#### PROBLEM DESCRIPTION:
You are asked to write out the entries exactly as they are given.

***** EXCERPTED RECORDS

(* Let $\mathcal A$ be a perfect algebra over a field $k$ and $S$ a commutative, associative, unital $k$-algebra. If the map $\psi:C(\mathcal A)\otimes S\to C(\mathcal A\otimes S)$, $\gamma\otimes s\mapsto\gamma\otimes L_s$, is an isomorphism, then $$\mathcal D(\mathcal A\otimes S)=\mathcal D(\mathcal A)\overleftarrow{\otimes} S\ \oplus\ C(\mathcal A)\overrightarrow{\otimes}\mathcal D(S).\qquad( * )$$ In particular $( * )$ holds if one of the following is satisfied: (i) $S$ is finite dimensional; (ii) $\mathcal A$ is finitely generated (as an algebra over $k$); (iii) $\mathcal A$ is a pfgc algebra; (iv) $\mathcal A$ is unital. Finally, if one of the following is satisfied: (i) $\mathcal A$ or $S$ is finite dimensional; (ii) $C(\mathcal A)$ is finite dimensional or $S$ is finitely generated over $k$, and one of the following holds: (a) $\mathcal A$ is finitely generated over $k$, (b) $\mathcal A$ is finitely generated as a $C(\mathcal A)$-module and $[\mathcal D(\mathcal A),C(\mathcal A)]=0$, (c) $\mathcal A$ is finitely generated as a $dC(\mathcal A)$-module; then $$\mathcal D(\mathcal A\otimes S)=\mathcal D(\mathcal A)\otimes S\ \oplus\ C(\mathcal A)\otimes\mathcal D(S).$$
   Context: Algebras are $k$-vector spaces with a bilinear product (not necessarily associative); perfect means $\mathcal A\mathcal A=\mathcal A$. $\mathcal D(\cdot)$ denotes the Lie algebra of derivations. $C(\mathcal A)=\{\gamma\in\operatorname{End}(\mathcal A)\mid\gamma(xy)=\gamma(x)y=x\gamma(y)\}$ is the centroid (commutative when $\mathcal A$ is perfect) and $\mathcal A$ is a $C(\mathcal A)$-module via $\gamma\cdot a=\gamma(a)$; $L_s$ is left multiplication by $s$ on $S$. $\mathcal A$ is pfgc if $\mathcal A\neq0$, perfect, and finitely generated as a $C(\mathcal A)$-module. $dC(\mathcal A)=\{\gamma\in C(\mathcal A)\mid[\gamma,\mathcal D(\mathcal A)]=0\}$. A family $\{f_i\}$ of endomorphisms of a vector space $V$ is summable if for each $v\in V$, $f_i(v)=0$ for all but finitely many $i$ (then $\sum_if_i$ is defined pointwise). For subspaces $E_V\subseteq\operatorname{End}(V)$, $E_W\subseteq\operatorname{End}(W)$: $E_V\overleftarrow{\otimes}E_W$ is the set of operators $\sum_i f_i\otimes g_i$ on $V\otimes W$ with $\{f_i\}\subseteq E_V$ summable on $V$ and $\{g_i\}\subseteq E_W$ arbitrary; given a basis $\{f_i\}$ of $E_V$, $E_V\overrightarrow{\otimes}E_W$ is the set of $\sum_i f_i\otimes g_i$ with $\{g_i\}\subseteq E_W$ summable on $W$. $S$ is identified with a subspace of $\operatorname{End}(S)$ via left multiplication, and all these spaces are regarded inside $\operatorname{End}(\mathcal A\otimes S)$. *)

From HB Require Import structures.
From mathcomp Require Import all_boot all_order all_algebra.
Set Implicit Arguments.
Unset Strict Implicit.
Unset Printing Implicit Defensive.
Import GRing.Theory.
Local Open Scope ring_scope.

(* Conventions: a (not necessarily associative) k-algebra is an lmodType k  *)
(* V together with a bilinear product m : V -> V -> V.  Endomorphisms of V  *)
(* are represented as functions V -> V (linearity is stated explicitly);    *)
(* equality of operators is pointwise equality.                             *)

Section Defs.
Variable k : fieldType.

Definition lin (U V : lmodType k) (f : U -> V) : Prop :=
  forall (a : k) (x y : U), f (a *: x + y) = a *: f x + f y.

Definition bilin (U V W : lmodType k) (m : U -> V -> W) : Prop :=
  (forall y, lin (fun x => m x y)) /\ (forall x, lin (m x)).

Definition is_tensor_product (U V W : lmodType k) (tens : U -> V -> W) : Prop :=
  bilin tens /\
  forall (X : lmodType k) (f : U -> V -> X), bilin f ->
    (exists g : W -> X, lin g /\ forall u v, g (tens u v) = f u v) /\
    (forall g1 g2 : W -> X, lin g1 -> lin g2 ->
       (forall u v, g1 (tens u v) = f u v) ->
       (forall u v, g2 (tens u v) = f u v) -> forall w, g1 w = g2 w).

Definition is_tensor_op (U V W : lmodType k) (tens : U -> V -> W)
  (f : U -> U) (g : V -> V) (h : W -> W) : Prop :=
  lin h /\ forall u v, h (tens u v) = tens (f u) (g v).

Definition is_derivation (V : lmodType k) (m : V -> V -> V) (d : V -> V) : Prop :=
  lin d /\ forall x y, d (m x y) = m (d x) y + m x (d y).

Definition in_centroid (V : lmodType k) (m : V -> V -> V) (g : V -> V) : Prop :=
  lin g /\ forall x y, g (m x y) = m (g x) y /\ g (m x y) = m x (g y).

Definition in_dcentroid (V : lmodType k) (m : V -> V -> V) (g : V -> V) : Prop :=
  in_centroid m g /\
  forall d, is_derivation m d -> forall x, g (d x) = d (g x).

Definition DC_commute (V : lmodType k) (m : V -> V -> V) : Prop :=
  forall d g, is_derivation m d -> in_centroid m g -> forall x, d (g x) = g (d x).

**********

#### RESULT BELOW:
(* Let $\mathcal A$ be a perfect algebra over a field $k$ and $S$ a commutative, associative, unital $k$-algebra. If the map $\psi:C(\mathcal A)\otimes S\to C(\mathcal A\otimes S)$, $\gamma\otimes s\mapsto\gamma\otimes L_s$, is an isomorphism, then $$\mathcal D(\mathcal A\otimes S)=\mathcal D(\mathcal A)\overleftarrow{\otimes} S\ \oplus\ C(\mathcal A)\overrightarrow{\otimes}\mathcal D(S).\qquad( * )$$ In particular $( * )$ holds if one of the following is satisfied: (i) $S$ is finite dimensional; (ii) $\mathcal A$ is finitely generated (as an algebra over $k$); (iii) $\mathcal A$ is a pfgc algebra; (iv) $\mathcal A$ is unital. Finally, if one of the following is satisfied: (i) $\mathcal A$ or $S$ is finite dimensional; (ii) $C(\mathcal A)$ is finite dimensional or $S$ is finitely generated over $k$, and one of the following holds: (a) $\mathcal A$ is finitely generated over $k$, (b) $\mathcal A$ is finitely generated as a $C(\mathcal A)$-module and $[\mathcal D(\mathcal A),C(\mathcal A)]=0$, (c) $\mathcal A$ is finitely generated as a $dC(\mathcal A)$-module; then $$\mathcal D(\mathcal A\otimes S)=\mathcal D(\mathcal A)\otimes S\ \oplus\ C(\mathcal A)\otimes\mathcal D(S).$$
   Context: Algebras are $k$-vector spaces with a bilinear product (not necessarily associative); perfect means $\mathcal A\mathcal A=\mathcal A$. $\mathcal D(\cdot)$ denotes the Lie algebra of derivations. $C(\mathcal A)=\{\gamma\in\operatorname{End}(\mathcal A)\mid\gamma(xy)=\gamma(x)y=x\gamma(y)\}$ is the centroid (commutative when $\mathcal A$ is perfect) and $\mathcal A$ is a $C(\mathcal A)$-module via $\gamma\cdot a=\gamma(a)$; $L_s$ is left multiplication by $s$ on $S$. $\mathcal A$ is pfgc if $\mathcal A\neq0$, perfect, and finitely generated as a $C(\mathcal A)$-module. $dC(\mathcal A)=\{\gamma\in C(\mathcal A)\mid[\gamma,\mathcal D(\mathcal A)]=0\}$. A family $\{f_i\}$ of endomorphisms of a vector space $V$ is summable if for each $v\in V$, $f_i(v)=0$ for all but finitely many $i$ (then $\sum_if_i$ is defined pointwise). For subspaces $E_V\subseteq\operatorname{End}(V)$, $E_W\subseteq\operatorname{End}(W)$: $E_V\overleftarrow{\otimes}E_W$ is the set of operators $\sum_i f_i\otimes g_i$ on $V\otimes W$ with $\{f_i\}\subseteq E_V$ summable on $V$ and $\{g_i\}\subseteq E_W$ arbitrary; given a basis $\{f_i\}$ of $E_V$, $E_V\overrightarrow{\otimes}E_W$ is the set of $\sum_i f_i\otimes g_i$ with $\{g_i\}\subseteq E_W$ summable on $W$. $S$ is identified with a subspace of $\operatorname{End}(S)$ via left multiplication, and all these spaces are regarded inside $\operatorname{End}(\mathcal A\otimes S)$. *)

From HB Require Import structures.
From mathcomp Require Import all_boot all_order all_algebra.
Set Implicit Arguments.
Unset Strict Implicit.
Unset Printing Implicit Defensive.
Import GRing.Theory.
Local Open Scope ring_scope.

(* Conventions: a (not necessarily associative) k-algebra is an lmodType k  *)
(* V together with a bilinear product m : V -> V -> V.  Endomorphisms of V  *)
(* are represented as functions V -> V (linearity is stated explicitly);    *)
(* equality of operators is pointwise equality.                             *)

Section Defs.
Variable k : fieldType.

Definition lin (U V : lmodType k) (f : U -> V) : Prop :=
  forall (a : k) (x y : U), f (a *: x + y) = a *: f x + f y.

Definition bilin (U V W : lmodType k) (m : U -> V -> W) : Prop :=
  (forall y, lin (fun x => m x y)) /\ (forall x, lin (m x)).

Definition is_tensor_product (U V W : lmodType k) (tens : U -> V -> W) : Prop :=
  bilin tens /\
  forall (X : lmodType k) (f : U -> V -> X), bilin f ->
    (exists g : W -> X, lin g /\ forall u v, g (tens u v) = f u v) /\
    (forall g1 g2 : W -> X, lin g1 -> lin g2 ->
       (forall u v, g1 (tens u v) = f u v) ->
       (forall u v, g2 (tens u v) = f u v) -> forall w, g1 w = g2 w).

Definition is_tensor_op (U V W : lmodType k) (tens : U -> V -> W)
  (f : U -> U) (g : V -> V) (h : W -> W) : Prop :=
  lin h /\ forall u v, h (tens u v) = tens (f u) (g v).

Definition is_derivation (V : lmodType k) (m : V -> V -> V) (d : V -> V) : Prop :=
  lin d /\ forall x y, d (m x y) = m (d x) y + m x (d y).

Definition in_centroid (V : lmodType k) (m : V -> V -> V) (g : V -> V) : Prop :=
  lin g /\ forall x y, g (m x y) = m (g x) y /\ g (m x y) = m x (g y).

Definition in_dcentroid (V : lmodType k) (m : V -> V -> V) (g : V -> V) : Prop :=
  in_centroid m g /\
  forall d, is_derivation m d -> forall x, g (d x) = d (g x).

Definition DC_commute (V : lmodType k) (m : V -> V -> V) : Prop :=
  forall d g, is_derivation m d -> in_centroid m g -> forall x, d (g x) = g (d x).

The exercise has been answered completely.